◆ What this task involves
Only a number is wanted here: the number of lines of the data that include "Scope".
━━━━━━━━━━━━━━━━
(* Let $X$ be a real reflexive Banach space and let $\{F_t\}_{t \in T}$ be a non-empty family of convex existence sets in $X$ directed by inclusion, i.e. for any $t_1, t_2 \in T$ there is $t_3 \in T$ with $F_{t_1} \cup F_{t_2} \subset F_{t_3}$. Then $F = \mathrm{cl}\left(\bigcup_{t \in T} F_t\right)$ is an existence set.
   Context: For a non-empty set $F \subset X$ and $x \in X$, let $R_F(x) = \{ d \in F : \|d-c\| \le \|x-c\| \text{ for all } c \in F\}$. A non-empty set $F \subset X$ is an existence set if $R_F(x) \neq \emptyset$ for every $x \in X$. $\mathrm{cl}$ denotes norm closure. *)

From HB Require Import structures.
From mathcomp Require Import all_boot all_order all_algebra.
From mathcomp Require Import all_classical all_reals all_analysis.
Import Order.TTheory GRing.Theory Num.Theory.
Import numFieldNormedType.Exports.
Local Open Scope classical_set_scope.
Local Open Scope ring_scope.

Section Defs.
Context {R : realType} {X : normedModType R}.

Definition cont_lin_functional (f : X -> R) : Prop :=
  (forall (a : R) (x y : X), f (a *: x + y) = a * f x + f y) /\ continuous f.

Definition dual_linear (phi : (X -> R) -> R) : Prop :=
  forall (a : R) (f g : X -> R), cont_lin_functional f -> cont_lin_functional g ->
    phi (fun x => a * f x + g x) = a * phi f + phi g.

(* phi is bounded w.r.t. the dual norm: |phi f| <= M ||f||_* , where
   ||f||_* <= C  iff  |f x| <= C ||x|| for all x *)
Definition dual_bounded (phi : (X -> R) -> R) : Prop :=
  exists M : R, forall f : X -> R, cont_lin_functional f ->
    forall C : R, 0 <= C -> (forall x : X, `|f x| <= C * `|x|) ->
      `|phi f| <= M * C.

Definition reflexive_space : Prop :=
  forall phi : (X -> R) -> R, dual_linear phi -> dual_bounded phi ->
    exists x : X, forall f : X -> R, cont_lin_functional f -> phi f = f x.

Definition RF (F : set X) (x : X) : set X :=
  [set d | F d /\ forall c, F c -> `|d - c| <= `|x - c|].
━━━━━━━━━━━━━━━━
◆ Task answer
2